August 15, 1999
Dearest Jane,

The garden is doing wonderfully. I have the standard honeysuckle and gardenias, as well as some of the heartier rose bushes. I also put in a couple of night blooming flowers. But, my center piece of the garden is the sapling oak tree I had shipped in. I have built the greenhouse with it in mind.

I must confess that I did not build the garden all by myself. After the third time of smacking myself with a hammer and finally breaking the piece of wood I was attempting to hammer, I went to Zacharie for help. I suppose it is all this physical activity that Booker has been making me do that has turned my head. I vastly over estimated my ability to hammer things together.
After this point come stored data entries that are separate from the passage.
Lemma dop_mulE (P R : dop) n1 n2 : (size P <= n1)%N -> (size R <= n2)%N ->
  dop_mul P R = \sum_(i < n1) \sum_(k < n2) \sum_(l < i.+1)
     ('C(i, l)%:R * P`_i * iter l (@rderiv K) R`_k) *: 'X^(i + k - l).
Proof.
move=> Pn1 Rn2; rewrite /dop_mul (big_ord_widen n1 (fun i : nat => \sum_(k < size R)
  \sum_(l < i.+1) ('C(i, l)%:R * P`_i * iter l _ R`_k) *: 'X^(i + k - l)) Pn1).
rewrite big_mkcond; apply: eq_bigr => i _; case: ltnP => Pi; last first.
  rewrite big1 // => k _; rewrite big1 // => l _.
  by rewrite nth_default // mulr0 mul0r scale0r.
rewrite (big_ord_widen n2 (fun k : nat => \sum_(l < i.+1)
  ('C(i, l)%:R * P`_i * iter l _ R`_k) *: 'X^(i + k - l)) Rn2).
rewrite big_mkcond; apply: eq_bigr => k _; case: ltnP => // Rk.
by rewrite big1 // => l _; rewrite (nth_default _ Rk) iter_rderiv0 mulr0 scale0r.
Qed.

Lemma dop_mulC (c d : Fz) : dop_mul c%:P d%:P = (c * d)%:P.
Proof.
have coefC0 (e : Fz) : e%:P`_0 = e by rewrite coefC.
rewrite (@dop_mulE _ _ 1 1) ?size_polyC ?leq_b1 // !big_ord1 bin0 mul1r.
transitivity ((c * d) *: 'X^0); first by congr (_ *: _); congr (_ * _); apply: coefC0.
by rewrite expr0 alg_polyC.
Qed.

End DifferentialOperators.

Section CharacteristicZero.
Variable K : fieldType.
Hypothesis charK : [pchar K] =i pred0.
Local Notation Fz := {fraction {poly K}}.

Lemma natr_fact_neq0 n : (n`!)%:R != 0 :> K.
Proof. by rewrite (pcharf0P K).1 // -lt0n fact_gt0. Qed.

Lemma dop_act_Xn (D : {poly Fz}) n :
  dop_act D ('X^n)%:F = \sum_(k < n.+1) D`_k * (('X^n)^`(k))%:F.
Proof.
set M := maxn (size D) n.+1.
rewrite (@dop_actE _ _ _ M) ?leq_maxl //.
rewrite (big_ord_widen M (fun k => D`_k * (('X^n)^`(k))%:F)) ?leq_maxr //.
rewrite [RHS]big_mkcond; apply: eq_bigr => k _; rewrite iter_rderiv_tofrac.
by case: ltnP => // nk; rewrite derivnXn ffact_small // mulr0n tofrac0 mulr0.
Qed.

(* The coefficient of order n is read off from the action on z^n, by induction on n. *)
Lemma dop_coef_poly (D : {poly Fz}) :
  (forall p : {poly K}, exists q : {poly K}, dop_act D p%:F = q%:F) ->
  forall i, exists q : {poly K}, D`_i = q%:F.
Proof.
move=> Dpoly i; elim/ltn_ind: i => n IH.
have [q Dq] := Dpoly 'X^n.
have [r lower] : exists r : {poly K}, \sum_(k < n) D`_k * (('X^n)^`(k))%:F = r%:F.
  apply: (big_ind (fun x => exists r, x = r%:F)) => [|_ _ [a ->] [b ->]|k _].
  - by exists 0; rewrite tofrac0.
  - by exists (a + b); rewrite tofracD.
  - by have [a ->] := IH k (ltn_ord k); exists (a * ('X^n)^`(k)); rewrite tofracM.
rewrite dop_act_Xn big_ord_recr /= lower derivnXn ffactnn subnn expr0 in Dq.
set c := (n`!)%:R : K.
have Fc : (c%:P)%:F != 0 :> Fz by rewrite tofrac_eq0 polyC_eq0 natr_fact_neq0.
exists ((q - r) * (c^-1)%:P).
apply/(mulIf Fc); rewrite tofracM -mulrA -tofracM -polyCM mulVf ?natr_fact_neq0 //.
by rewrite mulr1 tofracB -Dq polyC_natr addrAC subrr add0r.
Qed.
End CharacteristicZero.

Lemma dvdp_sum (K : fieldType) (d : {poly K}) (I : Type) (r : seq I) (P : pred I)
    (F : I -> {poly K}) :
  (forall i, P i -> d %| F i) -> d %| \sum_(i <- r | P i) F i.
Proof. by move=> dF; apply: (big_ind (dvdp d)); [exact: dvdp0 | exact: dvdp_add |]. Qed.

(* Truncated Taylor expansion of [p] around [z], evaluated at [l]. *)
Lemma dvdp_taylor_horner (K : fieldType) (p : {poly K}) (l : K) N :
  ('X - l%:P) ^+ N %| \sum_(k < N) p^`N(k) * (l%:P - 'X) ^+ k - (p.[l])%:P.
Proof.
set M := maxn N (size p).
have taylor : (p.[l])%:P = \sum_(k < M) p^`N(k) * (l%:P - 'X) ^+ k.
  have := @nderiv_taylor_wide _ M (p^:P) 'X (l%:P - 'X) (mulrC _ _).
  rewrite size_map_polyC leq_maxr => /(_ isT).
  rewrite addrC subrK horner_map /= => ->.
  apply: eq_bigr => k _; rewrite nderivn_map.
  by rewrite -[(_^:P).['X]]/(comp_poly 'X _) comp_polyXr.
rewrite taylor -!(big_mkord xpredT (fun k => p^`N(k) * (l%:P - 'X) ^+ k)).
rewrite (@big_cat_nat _ _ _ N 0 M) ?leq_maxl //= opprD addrA subrr add0r dvdpNr.
have := big_addn 0 M N xpredT (fun k => p^`N(k) * (l%:P - 'X) ^+ k).
rewrite add0n => ->; apply: dvdp_sum => k _.
rewrite exprD mulrA; apply: dvdp_mull.
by rewrite -[l%:P - 'X]opprB exprNn dvdp_mull.
Qed.

Section TaylorInterpolation.
Variable K : fieldType.
Hypothesis charK : [pchar K] =i pred0.
Variable lams : seq K.
Hypothesis lams_uniq : uniq lams.
Variable N : nat.
Hypothesis N_gt0 : (0 < N)%N.

Definition cofactor (l : K) : {poly K} := \prod_(m <- lams | m != l) ('X - m%:P) ^+ N.

Lemma Bezout_cofactor l :
  exists uv : {poly K} * {poly K}, uv.1 * cofactor l + uv.2 * ('X - l%:P) ^+ N == 1.
Proof.
have cop : coprimep (cofactor l) (('X - l%:P) ^+ N).
  apply: coprimep_expr; rewrite coprimep_XsubC rootE horner_prod prodf_seq_neq0.
  apply/allP => m _; apply/implyP => ml.
  by rewrite horner_exp hornerXsubC expf_neq0 // subr_eq0 eq_sym.
by have [uv uvE] := Bezout_eq1_coprimepP _ _ cop; exists uv; rewrite uvE.
Qed.

(* Chinese remaindering: [crt_basis l] is 1 modulo [(z - l)^N] and 0 modulo
   [(z - m)^N] for the other [m] in [lams]. *)
Definition crt_basis l : {poly K} := (xchoose (Bezout_cofactor l)).1 * cofactor l.

Lemma crt_basis_eq1 l : exists w, crt_basis l = 1 - w * ('X - l%:P) ^+ N.
Proof.
rewrite /crt_basis; move: (xchooseP (Bezout_cofactor l)).
by case: (xchoose _) => u v /= /eqP uvE; exists v; rewrite -uvE addrK.
Qed.

Lemma dvdp_crt_basis l m : m \in lams -> m != l -> ('X - m%:P) ^+ N %| crt_basis l.
Proof. by move=> m_lams ml; apply/dvdp_mull; rewrite /cofactor (big_rem m) //= ml dvdp_mulr. Qed.

Definition taylor_term (l : K) k : {poly K} := ((k`!)%:R)^-1 *: (l%:P - 'X) ^+ k.

(* Coefficients of the differential operator [p |-> \sum_k interp_coef k * p^(k)],
   which sends every [p] to a polynomial congruent to [p(l)] modulo [(z - l)^N],
   simultaneously for all [l] in [lams]. *)
Definition interp_coef k : {poly K} :=
  (k == 0)%:R + \sum_(l <- lams) crt_basis l * (taylor_term l k - (k == 0)%:R).

Lemma interp_coef0 : interp_coef 0 = 1.
Proof.
rewrite /interp_coef eqxx big1 ?addr0 // => l _.
by rewrite /taylor_term expr0 fact0 invr1 scale1r subrr mulr0.
Qed.

Lemma sum_delta0_derivn (p : {poly K}) : \sum_(k < N) ((k : nat) == 0)%:R * p^`(k) = p.
Proof.
case: N N_gt0 => // N' _; rewrite big_ord_recl /= mul1r big1 ?addr0 // => k _.
by rewrite mul0r.
Qed.

Lemma taylor_term_derivn (p : {poly K}) l k :
  taylor_term l k * p^`(k) = p^`N(k) * (l%:P - 'X) ^+ k.
Proof.
rewrite /taylor_term nderivn_def -mul_polyC -[p^`N(k) *+ _]mulr_natr.
rewrite -(@polyC_natr K (k`!)) mulrCA mulrAC -polyCM mulVf ?natr_fact_neq0 //.
by rewrite mul1r.
Qed.

Lemma interp_sumE (p : {poly K}) : \sum_(k < N) interp_coef k * p^`(k) =
  p + \sum_(l <- lams) crt_basis l * (\sum_(k < N) p^`N(k) * (l%:P - 'X) ^+ k - p).
Proof.
under eq_bigr => k _ do rewrite /interp_coef mulrDl.
rewrite big_split sum_delta0_derivn; congr (_ + _).
under eq_bigr => k _ do rewrite mulr_suml.
rewrite exchange_big /=; apply: eq_bigr => l _.
under eq_bigr => k _ do rewrite -mulrA mulrBl taylor_term_derivn.
by rewrite -mulr_sumr sumrB sum_delta0_derivn.
Qed.

Lemma dvdp_interp_sub_horner (p : {poly K}) l : l \in lams ->
  ('X - l%:P) ^+ N %| \sum_(k < N) interp_coef k * p^`(k) - (p.[l])%:P.
Proof.
move=> l_lams; rewrite interp_sumE (bigD1_seq l) //=.
set T := \sum_(k < N) _; set S := \sum_(i <- lams | i != l) _.
have [w ->] := crt_basis_eq1 l.
have -> : p + ((1 - w * ('X - l%:P) ^+ N) * (T - p) + S) - (p.[l])%:P =
   (T - (p.[l])%:P) + ((- (w * (T - p))) * ('X - l%:P) ^+ N + S) by ring.
apply: dvdp_add; first exact: dvdp_taylor_horner.
apply: dvdp_add; first exact: dvdp_mull.
by apply: dvdp_sum => m ml; apply/dvdp_mulr/dvdp_crt_basis; rewrite // eq_sym.
Qed.
End TaylorInterpolation.

Section OperatorsIntoCell.
Variable K : fieldType.
Hypothesis charK : [pchar K] =i pred0.
Local Notation Fz := {fraction {poly K}}.
Variable lams : seq K.
Hypothesis lams_uniq : uniq lams.
Variable V : K -> {poly K} -> Prop.
Variable N : nat.
Hypothesis N_gt0 : (0 < N)%N.
Hypothesis V_add : forall l, l \in lams -> forall p q, V l p -> V l q -> V l (p + q).
Hypothesis V_scale : forall l, l \in lams -> forall (c : K) p, V l p -> V l (c *: p).
Hypothesis V_ideal : forall l, l \in lams -> forall p, V l (('X - l%:P) ^+ N * p).
Variable m : {poly K}.

Definition cell (f : Fz) : Prop :=
  exists v : {poly K}, (forall l, l \in lams -> V l v) /\ f = v%:F / m%:F.

Definition lift_op (v : {poly K}) : {poly Fz} :=
  \poly_(k < N) ((v * interp_coef lams N k)%:F / m%:F).

Lemma lift_op_act v p :
  dop_act (lift_op v) p%:F = (v * \sum_(k < N) interp_coef lams N k * p^`(k))%:F / m%:F.
Proof.
rewrite (@dop_actE _ _ _ N) ?size_poly // mulr_sumr rmorph_sum mulr_suml.
apply: eq_bigr => k _.
by rewrite coef_poly ltn_ord iter_rderiv_tofrac !rmorphM mulrAC -!mulrA.
Qed.

Lemma lift_op1 v : dop_act (lift_op v) 1 = v%:F / m%:F.
Proof.
rewrite -tofrac1 lift_op_act; congr (_%:F / _).
case: N N_gt0 => // N' _; rewrite big_ord_recl interp_coef0 derivn0 mul1r big1 ?addr0.
  by rewrite mulr1.
by move=> k _; rewrite derivn_poly0 ?mulr0 // size_poly1.
Qed.

Lemma lift_op_cell v : (forall l, l \in lams -> V l v) ->
  forall p, cell (dop_act (lift_op v) p%:F).
Proof.
move=> Vv p; rewrite lift_op_act; eexists; split; last reflexivity.
move=> l l_lams; have /dvdpP [h hE] := dvdp_interp_sub_horner charK lams_uniq N_gt0 p l_lams.
set G := \sum_(k < N) _ in hE *.
have -> : v * G = (p.[l]) *: v + ('X - l%:P) ^+ N * (v * h).
  by rewrite -mul_polyC -(subrK (p.[l])%:P G) hE; ring.
by apply: V_add => //; [apply: V_scale => //; apply: Vv | apply: V_ideal].
Qed.

Definition ideal_gen : {poly K} := \prod_(l <- lams) ('X - l%:P) ^+ N.

Lemma mul_ideal_gen_cell p : cell (dop_act ((ideal_gen%:F / m%:F)%:P) p%:F).
Proof.
rewrite dop_actC; exists (ideal_gen * p); split; last by rewrite tofracM mulrAC.
by move=> l l_lams; rewrite /ideal_gen (bigD1_seq l) //= -mulrA; apply: V_ideal.
Qed.
End OperatorsIntoCell.

Lemma common_exponent (K : fieldType) (lams : seq K) (V : K -> {poly K} -> Prop) :
  (forall l, l \in lams -> exists r : nat, forall p, V l (('X - l%:P) ^+ r * p)) ->
  exists2 N, (0 < N)%N & forall l, l \in lams -> forall p, V l (('X - l%:P) ^+ N * p).
Proof.
elim: lams => [|a s IH] Vr; first by exists 1%N.
have [ra Va] := Vr a (mem_head _ _).
have [N N_gt0 VN] := IH (fun l ls => Vr l (mem_behead (s := a :: s) ls)).
exists (ra + N)%N => [|l]; first by rewrite addn_gt0 N_gt0 orbT.
rewrite inE => /predU1P [-> | ls] p; first by rewrite exprD -mulrA.
by rewrite addnC exprD -mulrA; apply: VN.
Qed.
(* There exists a constant $c>0$ such that if $p=p(n)\le c/n^2$, then asymptotically almost surely the random triangular group $\Gamma(n,p)$ is a free group.
   Context: The random triangular group $\Gamma(n,p)$ is the group given by a presentation $\langle S\mid R\rangle$, where $S$ is a set of $n$ generators and $R$ is a random set of relations obtained by including independently, each with probability $p$, every cyclically reduced word of length three over the alphabet $S\cup S^{-1}$ (i.e. every word $abc$ with letters in $S\cup S^{-1}$ such that $a\neq b^{-1}$, $b\neq c^{-1}$, $c\neq a^{-1}$; distinct words are distinct candidates, in particular cyclic shifts of a word are distinct words). A property holds asymptotically almost surely (a.a.s.) if its probability tends to $1$ as $n\to\infty$. *)

From HB Require Import structures.
From mathcomp Require Import all_boot all_order all_algebra.
From mathcomp Require Import boolp classical_sets reals topology normedtype sequences.
Set Implicit Arguments. Unset Strict Implicit. Unset Printing Implicit Defensive.
Import Order.TTheory GRing.Theory Num.Theory.

(* A letter over the alphabet T is (s, true) for the generator s and
   (s, false) for its inverse s^-1. *)
Definition letter (T : Type) := (T * bool)%type.

Definition linv {T : Type} (x : letter T) : letter T := (x.1, ~~ x.2).

Definition winv {T : Type} (w : seq (letter T)) : seq (letter T) :=
  rev (map linv w).
(* Let $(A,B)$ be a Katsura pair with $B\in M_N(\{0,1\})$ such that the KEP-action $(G_B,E_A)$ is regular. Suppose $v=(v_k)\in E_C^{-\infty}$ satisfies $B_{v_{k-1},v_k}=1$ for all $k<0$. Then for $\mu,\nu\in X_v$, $\mu\sim_{ae}\nu$ if and only if $C_v(\iota_v(\mu))=C_v(\iota_v(\nu))$.
   Context: Katsura pair: $N\in\mathbb{N}$, $A\in M_N(\mathbb{N})$ (nonnegative integers), $B\in M_N(\mathbb{Z})$ with $A_{ij}=0\Rightarrow B_{ij}=0$. Graph $E_A$: vertices $\{1,\dots,N\}$, edges $e_{i,j,m}$ ($0\le m<A_{ij}$), $r=i$, $s=j$; $E_A^{-\infty}$ left-infinite paths $\cdots\mu_{-2}\mu_{-1}$ with $s(\mu_k)=r(\mu_{k+1})$. The group bundle $\mathbb{Z}\times E_A^0$ (elements $a_i^k$) acts by $a_i^k\cdot e_{i,j,m}=e_{i,j,\hat m}$, $a_i^k|_{e_{i,j,m}}=a_j^{\hat k}$ where $kB_{ij}+m=\hat kA_{ij}+\hat m$, $0\le\hat m<A_{ij}$, extended recursively to finite paths; $G_B$ is the faithful quotient and $(G_B,E_A)$ the KEP-action. Regular: for every $g\in G_B$ there is $K$ such that $g\cdot\mu=\mu$, $|\mu|\ge K$ imply $g|_\mu$ is the unit at $s(\mu)$. $\mu\sim_{ae}\nu$ iff there are a finite $F\subseteq G_B$ and $(g_n)_{n<0}\subseteq F$ with $d(g_n)=r(\mu_n)$ and $g_n\cdot\mu_n\cdots\mu_{-1}=\nu_n\cdots\nu_{-1}$ for all $n<0$. $C$ is the connectivity matrix of $E_A$ ($C_{ij}=1$ if $A_{ij}>0$, else $0$) with graph $E_C$; an element $v\in E_C^{-\infty}$ is encoded by its vertex sequence $(v_k)_{k\le-1}$, $v_k$ the source of the $k$-th edge and $v_{k-1}$ its range. $A_{v[k,-1]}=\prod_{j=k}^{-1}A_{v_{j-1},v_j}$. $X_v=\{\mu\in E_A^{-\infty}: s(\mu_k)=v_k\ \forall k<0\}$, $\mathcal{A}_v=\prod_{k<0}\{0,\dots,A_{v_{k-1},v_k}-1\}$, and $\iota_v:X_v\to\mathcal{A}_v$ sends $\cdots e_{v_{-3},v_{-2},i_{-2}}e_{v_{-2},v_{-1},i_{-1}}$ to $(\dots,i_{-2},i_{-1})$. $C_v:\mathcal{A}_v\to\mathbb{R}/\mathbb{Z}$ is $C_v(\dots,i_{-2},i_{-1})=\sum_{k=-1}^{-\infty}\frac{i_k}{A_{v[k,-1]}}\bmod 1$. *)

From Stdlib Require Import Reals ZArith Arith List.
From Coquelicot Require Import Coquelicot.
Import ListNotations.
Local Open Scope nat_scope.

(* Edges e_{i,j,m} of E_A: range er = i, source es = j, label em = m. *)
Record edge := mkEdge { er : nat; es : nat; em : nat }.

Section KEP.
Variables (N : nat) (A : nat -> nat -> nat) (B : nat -> nat -> Z).

Definition katsura_pair : Prop :=
  forall i j, i < N -> j < N -> A i j = 0 -> B i j = 0%Z.

Definition valid_edge (e : edge) : Prop :=
  er e < N /\ es e < N /\ em e < A (er e) (es e).

(* Finite path mu_1 ... mu_n (list head = mu_1) with range i:
   r(mu_1) = i and s(mu_k) = r(mu_{k+1}). *)
Fixpoint valid_path (i : nat) (p : list edge) : Prop :=
  match p with
  | [] => True
  | e :: q => valid_edge e /\ er e = i /\ valid_path (es e) q
  end.

Fixpoint path_src (i : nat) (p : list edge) : nat :=
  match p with
  | [] => i
  | e :: q => path_src (es e) q
  end.

(* a_{r(e)}^k . e and a_{r(e)}^k |_e : k B_ij + m = khat A_ij + mhat, 0 <= mhat < A_ij *)
Definition act_edge (k : Z) (e : edge) : edge * Z :=
  let t := (k * B (er e) (es e) + Z.of_nat (em e))%Z in
  let a := Z.of_nat (A (er e) (es e)) in
  (mkEdge (er e) (es e) (Z.to_nat (t mod a)), (t / a)%Z).

(* recursive extension to finite paths: returns (a^k . p, integer of a^k|_p);
   the restriction a^k|_p lives at the vertex path_src i p *)
Fixpoint act_path (k : Z) (p : list edge) : list edge * Z :=
  match p with
  | [] => ([], k)
  | e :: q =>
      let (e', k') := act_edge k e in
      let (q', k'') := act_path k' q in (e' :: q', k'')
  end.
Fortunately for me, not only is Zacharie good at this sort of thing, he likes doing it, too, and takes direction very well. He was even able to put together the glass without shattering the panes. I am not sure I could have done the same.

Unfortunately, building my garden has set me back a pretty penny. Almost half of my savings account. That, of course, makes me nervous. However, I believe it has been well worth it. I love my garden. So do the cats. It is wonderful to walk into the greenhouse, smell the earth and see the flowers blooming. I need living plants around me. I just know my sapling oak will grow big and strong through the coming years. It is something I shall watch with great pleasure.

That reminds me. Last week, I was invited to a corporate party for some company in the Concord area. I do not remember which company. They all seem the same after a while. I go to these parties to make contacts - just like everyone else. Occasionally, I am lucky enough to attend an art gallery opening or something more interesting than merely a large number of people patting themselves on the back for some minor accomplishment that will mean nothing in a few years - or even in a few months.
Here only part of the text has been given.